A word-for-word copy of the line containing "have := sqr_ge0 (a1 - b1);" and every following line to the end of the data below is all the answer should hold.
───── Task inputs ─────
(* Let $H_1,H_2$ be separable Hilbert spaces, $K\in B(H_1)$, $L\in B(H_2)$. Let $\{x_n\}_{n\geqslant1}$ be a $K$-frame for $H_1$ with a $K$-dual frame $\{f_n\}_{n\geqslant1}$, and $\{y_n\}_{n\geqslant1}$ an $L$-frame for $H_2$ with an $L$-dual frame $\{g_n\}_{n\geqslant1}$. Let $T_1,T_2$ be the synthesis operators of $\{x_n\}$ and $\{y_n\}$, and $\theta_1,\theta_2$ the analysis operators of $\{f_n\}$ and $\{g_n\}$, respectively. The following are equivalent: (i) $\{x_n\oplus y_n\}_{n\geqslant1}$ is a $K\oplus L$-frame for $H_1\oplus H_2$ and $\{f_n\oplus g_n\}_{n\geqslant1}$ is a $K\oplus L$-dual frame to it; (ii) $T_2\theta_1=0$ (as an operator $H_1\to H_2$) and $T_1\theta_2=0$ (as an operator $H_2\to H_1$).
   Context: $H_1\oplus H_2$ is the Hilbert space of pairs $x\oplus y$ with inner product $\langle x\oplus y,a\oplus b\rangle=\langle x,a\rangle+\langle y,b\rangle$; $(K\oplus L)(x\oplus y)=K(x)\oplus L(y)$. For a Hilbert space $H$ and $K\in B(H)$, $\{z_n\}_{n\geqslant1}$ is a $K$-frame if there are $A,B>0$ with $A\|K^*z\|^2\leq\sum_n|\langle z,z_n\rangle|^2\leq B\|z\|^2$ for all $z\in H$. A $K$-dual frame to a $K$-frame $\{z_n\}$ is a Bessel sequence $\{f_n\}$ in $H$ with $Kz=\sum_n\langle z,f_n\rangle z_n$ for all $z\in H$. For a Bessel sequence $\{z_n\}$: synthesis operator $T:\ell^2\to H$, $T(\{a_n\})=\sum_na_nz_n$; analysis operator $\theta:H\to\ell^2$, $\theta(z)=\{\langle z,z_n\rangle\}_n$. *)

From HB Require Import structures.
From mathcomp Require Import all_boot all_order all_algebra.
From mathcomp Require Import complex.
From mathcomp Require Import all_classical all_reals ereal topology normedtype sequences.
Set Implicit Arguments. Unset Strict Implicit. Unset Printing Implicit Defensive.
Import Order.TTheory GRing.Theory Num.Theory.
Import numFieldNormedType.Exports.
Local Open Scope classical_set_scope.
Local Open Scope ring_scope.

Section HilbertDefs.
Variable R : realType.
Local Notation C := (complex R).

Definition inner_product (V : lmodType C) (ip : V -> V -> C) : Prop :=
  [/\ (forall (a : C) (x y z : V), ip (a *: x + y) z = a * ip x z + ip y z),
      (forall x y : V, ip y x = conjc (ip x y)),
      (forall x : V, 0 <= ip x x) &
      (forall x : V, ip x x = 0 -> x = 0)].

Definition nsq (V : lmodType C) (ip : V -> V -> C) (x : V) : R := complex.Re (ip x x).
Definition hnorm (V : lmodType C) (ip : V -> V -> C) (x : V) : R :=
  Num.sqrt (nsq ip x).

Definition csq (c : C) : R := complex.Re c ^+ 2 + complex.Im c ^+ 2.

Definition has_sum (V : lmodType C) (ip : V -> V -> C) (u : nat -> V) (s : V) :=
  (fun N : nat => hnorm ip (s - \sum_(n < N) u n)) @ \oo --> (0 : R).

Definition complete_ip (V : lmodType C) (ip : V -> V -> C) : Prop :=
  forall u : nat -> V,
    (forall e : R, 0 < e -> exists N : nat, forall m n : nat,
        (N <= m)%N -> (N <= n)%N -> hnorm ip (u m - u n) < e) ->
    exists l : V, (fun n : nat => hnorm ip (u n - l)) @ \oo --> (0 : R).

Definition separable_ip (V : lmodType C) (ip : V -> V -> C) : Prop :=
  exists d : nat -> V, forall (x : V) (e : R), 0 < e ->
    exists n : nat, hnorm ip (x - d n) < e.

Definition hilbert_space (V : lmodType C) (ip : V -> V -> C) : Prop :=
  inner_product ip /\ complete_ip ip.

Definition separable_hilbert_space (V : lmodType C) (ip : V -> V -> C) : Prop :=
  hilbert_space ip /\ separable_ip ip.

Definition bounded_operator (V W : lmodType C) (ipV : V -> V -> C)
    (ipW : W -> W -> C) (K : V -> W) : Prop :=
  (forall (a : C) (x y : V), K (a *: x + y) = a *: K x + K y) /\
  exists M : R, forall x : V, hnorm ipW (K x) <= M * hnorm ipV x.

Definition is_adjoint (V W : lmodType C) (ipV : V -> V -> C)
    (ipW : W -> W -> C) (K : V -> W) (Ks : W -> V) : Prop :=
  forall (x : V) (y : W), ipW (K x) y = ipV x (Ks y).

Definition frame_sum (V : lmodType C) (ip : V -> V -> C) (z : nat -> V) (w : V)
  : \bar R := (\sum_(0 <= n <oo) ((csq (ip w (z n)))%:E))%E.

Definition bessel (V : lmodType C) (ip : V -> V -> C) (z : nat -> V) : Prop :=
  exists B : R, 0 < B /\ forall w : V, (frame_sum ip z w <= (B * nsq ip w)%:E)%E.

Definition K_frame (V : lmodType C) (ip : V -> V -> C) (K : V -> V)
    (z : nat -> V) : Prop :=
  exists A B : R, [/\ 0 < A, 0 < B &
    forall Ks : V -> V, is_adjoint ip ip K Ks -> forall w : V,
      ((A * nsq ip (Ks w))%:E <= frame_sum ip z w)%E /\
      (frame_sum ip z w <= (B * nsq ip w)%:E)%E].

Definition K_dual_frame (V : lmodType C) (ip : V -> V -> C) (K : V -> V)
    (z f : nat -> V) : Prop :=
  bessel ip f /\ forall w : V, has_sum ip (fun n => ip w (f n) *: z n) (K w).

Definition analysis (V : lmodType C) (ip : V -> V -> C) (z : nat -> V) (w : V)
  : nat -> C := fun n => ip w (z n).

(* synthesis operator, relationally: T(a) = s, i.e. sum_n a_n z_n = s *)
Definition synthesis_eq (V : lmodType C) (ip : V -> V -> C) (z : nat -> V)
    (a : nat -> C) (s : V) : Prop := has_sum ip (fun n => a n *: z n) s.

Definition ip_sum (V W : lmodType C) (ipV : V -> V -> C) (ipW : W -> W -> C)
    (p q : V * W) : C := ipV p.1 q.1 + ipW p.2 q.2.

Definition op_sum (V W : lmodType C) (K : V -> V) (L : W -> W) (p : V * W)
  : V * W := (K p.1, L p.2).

End HilbertDefs.

From HB Require Import structures.
From mathcomp Require Import all_boot all_order all_algebra.
From mathcomp Require Import complex.
From mathcomp Require Import all_classical all_reals ereal topology normedtype sequences.
From mathcomp Require Import ring lra.
Import Order.TTheory GRing.Theory Num.Theory.
Import numFieldNormedType.Exports.
Set Implicit Arguments. Unset Strict Implicit. Unset Printing Implicit Defensive.
Local Open Scope classical_set_scope.
Local Open Scope ring_scope.

(* Everything is componentwise in H1 (+) H2.  The n-th term of the
   reconstruction series of (f_n, g_n) at (w1, w2) is
   (<w1, f_n> + <w2, g_n>) (x_n, y_n); its first component is the
   K-reconstruction term of w1 plus the n-th term of T1 theta2 w2, and its
   second component is the L-reconstruction term of w2 plus the n-th term of
   T2 theta1 w1.  Hence the reconstruction formula for K (+) L holds exactly
   when both cross series vanish.  Bessel bounds pass to direct sums because
   |a + b|^2 <= 2|a|^2 + 2|b|^2, and the lower frame bound is automatic: if
   {F_n} is a K-dual Bessel sequence of {X_n} with bound B and u = K^* w, then
   ||u||^2 = Re <K u, w> = lim_N Re <sum_(n<N) <u, F_n> X_n, w>, and AM-GM on
   each term, 2B Re(a conj b) <= |a|^2 + B^2 |b|^2, gives
   2B ||u||^2 <= B ||u||^2 + B^2 sum_n |<w, X_n>|^2. *)

Section ComplexSquares.
Variable R : realType.
Local Notation C := (complex R).
Implicit Types a b : C.

Lemma csq_ge0 a : 0 <= csq a.
Proof. by rewrite /csq addr_ge0 ?sqr_ge0. Qed.

Lemma csqD_le a b : csq (a + b) <= 2 * csq a + 2 * csq b.
Proof.
case: a b => [a1 a2] [b1 b2]; rewrite /csq /=.
have := sqr_ge0 (a1 - b1); have := sqr_ge0 (a2 - b2); rewrite !expr2; nra.
Qed.

Lemma Re_mul_conjc_le (t : R) a b :
  2 * t * complex.Re (a * conjc b) <= csq a + t ^+ 2 * csq b.
Proof.
case: a b => [a1 a2] [b1 b2]; rewrite /csq /=.
have := sqr_ge0 (a1 - t * b1); have := sqr_ge0 (a2 - t * b2); rewrite !expr2; nra.
Qed.

End ComplexSquares.

Section InnerProduct.
Variable R : realType.
Local Notation C := (complex R).
Variables (V : lmodType C) (ip : V -> V -> C).
Hypothesis hip : inner_product ip.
─────
Answer space -
have := sqr_ge0 (a1 - b1); have := sqr_ge0 (a2 - b2); rewrite !expr2; nra.
Qed.

Lemma Re_mul_conjc_le (t : R) a b :
  2 * t * complex.Re (a * conjc b) <= csq a + t ^+ 2 * csq b.
Proof.
case: a b => [a1 a2] [b1 b2]; rewrite /csq /=.
have := sqr_ge0 (a1 - t * b1); have := sqr_ge0 (a2 - t * b2); rewrite !expr2; nra.
Qed.

End ComplexSquares.

Section InnerProduct.
Variable R : realType.
Local Notation C := (complex R).
Variables (V : lmodType C) (ip : V -> V -> C).
Hypothesis hip : inner_product ip.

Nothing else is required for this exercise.